A German court in Frankfurt has sentenced a man to three years and nine months in jail for traveling to Syria to join the militant group ISIL. The trial was the first of its kind in Germany, where over 500 people are believed to have joined the fighting in the Middle East. CCTV’s Ira Spitzer reported this story from Berlin.

Due to German privacy laws, the man is known only as Kreshnik B. Authorities said he went to Syria for six months last year to join ISIL. Although he is 20 years old, the man stood trial as a juvenile because the court deemed he lacked maturity to be tried as an adult, saving him from a potentially longer sentence.

During his trial, Kreshnik B. said he still wanted to die as a martyr and that beheadings could be justified. But there was no evidence that he engaged in direct combat and because he willingly left ISIL authorities believe he may change his mind after a few years behind bars.

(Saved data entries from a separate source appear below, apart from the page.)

Lemma shift_ord_inj n a : injective (@shift_ord n a).
Proof. by move=> x y /(congr1 val) /addnI; apply: val_inj. Qed.

Lemma shift_ordP n a (t : 'I_n) : (a <= t)%N -> exists q : 'I_(n - a), shift_ord a q = t.
Proof.
move=> le_at; have lt : (t - a < n - a)%N by rewrite ltn_sub2r // (leq_ltn_trans le_at).
by exists (Ordinal lt); apply: val_inj; rewrite /= subnKC.
Qed.

Lemma mem_shift_ord n a (t : 'I_n) :
  (t \in [set shift_ord a q | q in [set: 'I_(n - a)]]) = (a <= t)%N.
Proof.
apply/imsetP/idP => [[q _ ->]|/shift_ordP[q <-]]; first exact: leq_addr.
by exists q.
Qed.

Lemma sum_shift_ord_le_inj (V : numDomainType) n a (k : 'I_n -> V)
    (Hk : forall i j : 'I_n, (i <= j)%N -> k j <= k i)
    (f : 'I_(n - a) -> 'I_n) : injective f ->
  \sum_q k (shift_ord a q) <= \sum_q k (f q).
Proof.
move=> injf; have [lt_an|le_na] := ltnP a n; last first.
  have na0 : (n - a = 0)%N by apply/eqP; rewrite subn_eq0.
  by rewrite !big1 // => q; have := ltn_ord q; rewrite {2}na0.
(* Shifting by tau = k a makes the terms outside the common part of the two index sets
   nonpositive on the left and nonnegative on the right. *)
pose tau := k (Ordinal lt_an).
suff : \sum_q (k (shift_ord a q) - tau) <= \sum_q (k (f q) - tau).
  by rewrite !sumrB lerD2r.
set J := [set f q | q in [set: 'I_(n - a)]].
set L := [set shift_ord a q | q in [set: 'I_(n - a)]].
have sum_img (h : 'I_(n - a) -> 'I_n) : injective h ->
    \sum_q (k (h q) - tau) = \sum_(t in [set h q | q in [set: 'I_(n - a)]]) (k t - tau).
  move=> injh; rewrite big_imset /=; last by move=> ? ? _ _ /injh.
  by apply: eq_bigl => q; rewrite in_setT.
rewrite (sum_img _ injf) (sum_img _ (@shift_ord_inj n a)) -/J -/L.
rewrite (bigID (mem J)) [X in _ <= X](bigID (mem L)) /=.
rewrite (eq_bigl (fun t => (t \in J) && (t \in L))) => [|t]; last by rewrite andbC.
rewrite lerD2l; apply: (@le_trans _ _ 0).
  apply: sumr_le0 => t /andP[tL _]; rewrite subr_le0; apply: Hk.
  by rewrite mem_shift_ord in tL.
apply: sumr_ge0 => t /andP[_ tL]; rewrite subr_ge0; apply: Hk.
by rewrite mem_shift_ord -ltnNge in tL; apply: ltnW.
Qed.

Lemma has_type_cast (F : fieldType) (R : {pred F}) pi m n (e : m = n)
    (A : 'M[F]_m) (B : 'M[F]_n) k k' :
  (forall i j, A i j = B (cast_ord e i) (cast_ord e j)) ->
  (forall i, k i = k' (cast_ord e i)) ->
  has_type R pi A k -> has_type R pi B k'.
Proof.
case: n / e B k' => B k' AB kk' [U [V [UGL VGL AE]]]; exists U, V; split => //.
have -> : \row_i pi ^ k' i = \row_i pi ^ k i.
  by apply/rowP => x; rewrite !mxE kk' cast_ord_id.
by apply/matrixP => i j; rewrite -AE AB !cast_ord_id.
Qed.

Lemma has_type_lr_sub0 (F : fieldType) (R : {pred F}) pi n a (g : 'M[F]_n) k :
  a = 0%N -> has_type R pi (lr_sub a g) (fun i => k (shift_ord a i)) -> has_type R pi g k.
Proof.
move=> -> g0type; apply: (has_type_cast (e := subn0 n) _ _ g0type) => [i j|i].
  by rewrite mxE; congr (g _ _); apply: val_inj.
by congr (k _); apply: val_inj.
Qed.

Definition lr_solve (F : fieldType) n a (g : 'M[F]_n) : 'M[F]_(n - a, n) :=
  invmx (lr_sub a g) *m rowsub (shift_ord a) g.

Lemma colsub_lr_solve (F : fieldType) n a (g : 'M[F]_n) :
  lr_sub a g \in unitmx -> colsub (shift_ord a) (lr_solve a g) = 1%:M.
Proof.
move=> Du; rewrite -mulmx_colsub (_ : colsub _ _ = lr_sub a g) ?mulVmx //.
by apply/matrixP => i j; rewrite !mxE.
Qed.

Lemma rowsub_mulmx_lr_solve (F : fieldType) n a (g : 'M[F]_n) :
  lr_sub a g \in unitmx ->
  rowsub (shift_ord a) (colsub (shift_ord a) g *m lr_solve a g) = rowsub (shift_ord a) g.
Proof.
move=> Du; rewrite -mul_rowsub_mx (_ : rowsub _ _ = lr_sub a g) ?mulKVmx //.
by apply/matrixP => i j; rewrite !mxE.
Qed.

Lemma colsub1_mulmx_shift (F : fieldType) n n' a (M : 'M[F]_(n - a, n')) p j :
  (colsub (shift_ord a) 1%:M *m M) (shift_ord a p) j = M p j.
Proof.
rewrite mxE (bigD1 p) //= big1 => [|q ne_qp]; rewrite !mxE ?eqxx ?mul1r ?addr0 //.
by rewrite (inj_eq (@shift_ord_inj n a)) eq_sym (negPf ne_qp) mul0r.
Qed.

Lemma colsub1_mulmx_lt (F : fieldType) n n' a (M : 'M[F]_(n - a, n')) (i : 'I_n) j :
  (i < a)%N -> (colsub (shift_ord a) 1%:M *m M) i j = 0.
Proof.
move=> lt_ia; rewrite mxE big1 // => q _; rewrite !mxE.
suff /negPf-> : i != shift_ord a q by rewrite mul0r.
by rewrite -val_eqE neq_ltn /= (leq_trans lt_ia) ?leq_addr.
Qed.

Lemma colsub1_mulmx_lr_solve (F : fieldType) n a (g : 'M[F]_n) (i j : 'I_n) :
  lr_sub a g \in unitmx -> (a <= i)%N -> (a <= j)%N ->
  (colsub (shift_ord a) 1%:M *m lr_solve a g) i j = (i == j)%:R.
Proof.
move=> Du /shift_ordP[p <-] /shift_ordP[q <-]; rewrite colsub1_mulmx_shift.
have /matrixP/(_ p q) := colsub_lr_solve Du; rewrite !mxE => ->.
by rewrite (inj_eq (@shift_ord_inj n a)).
Qed.

Section Partition.
Variable ns : seq nat.
Local Notation N := (Npart ns).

“Sentences might seem light in an international comparison but also I think the evidence is quite clear that locking people up isn’t necessarily helping,” said Philipp Rotmann, associate director of the Global Public Policy Institute.

German authorities recently estimated that about 550 of its citizens have travelled to the Iraq and Syria and around 180 have returned. Figuring out how to keep that number from growing is a challenge. The German government recently called on Muslim states to help in the global fight against ISIL.

“We must deny ISIS the ideological breeding ground. And Europeans and Americans can’t do that, it needs to be Muslim states who say publicly that ISIS does not act accordingly to Islam,” German Foreign Minister Frank-Walter Steinmeier said.

Germany and other European countries have recently changed their laws to make it easier to prosecute people suspected of supporting ISIL. While those laws are designed to lessen the chance of an attack on European soil, there is also concern that they could lead to other problems.

“Do you throw more policemen at the problem or do you tighten the laws to give the existing policemen more rights to detain people or to prosecute people and usually the latter is cheaper. And that’s a danger,” Rotmann said.

The German legal system is currently processing about 40 cases involving suspected ISIL supporters.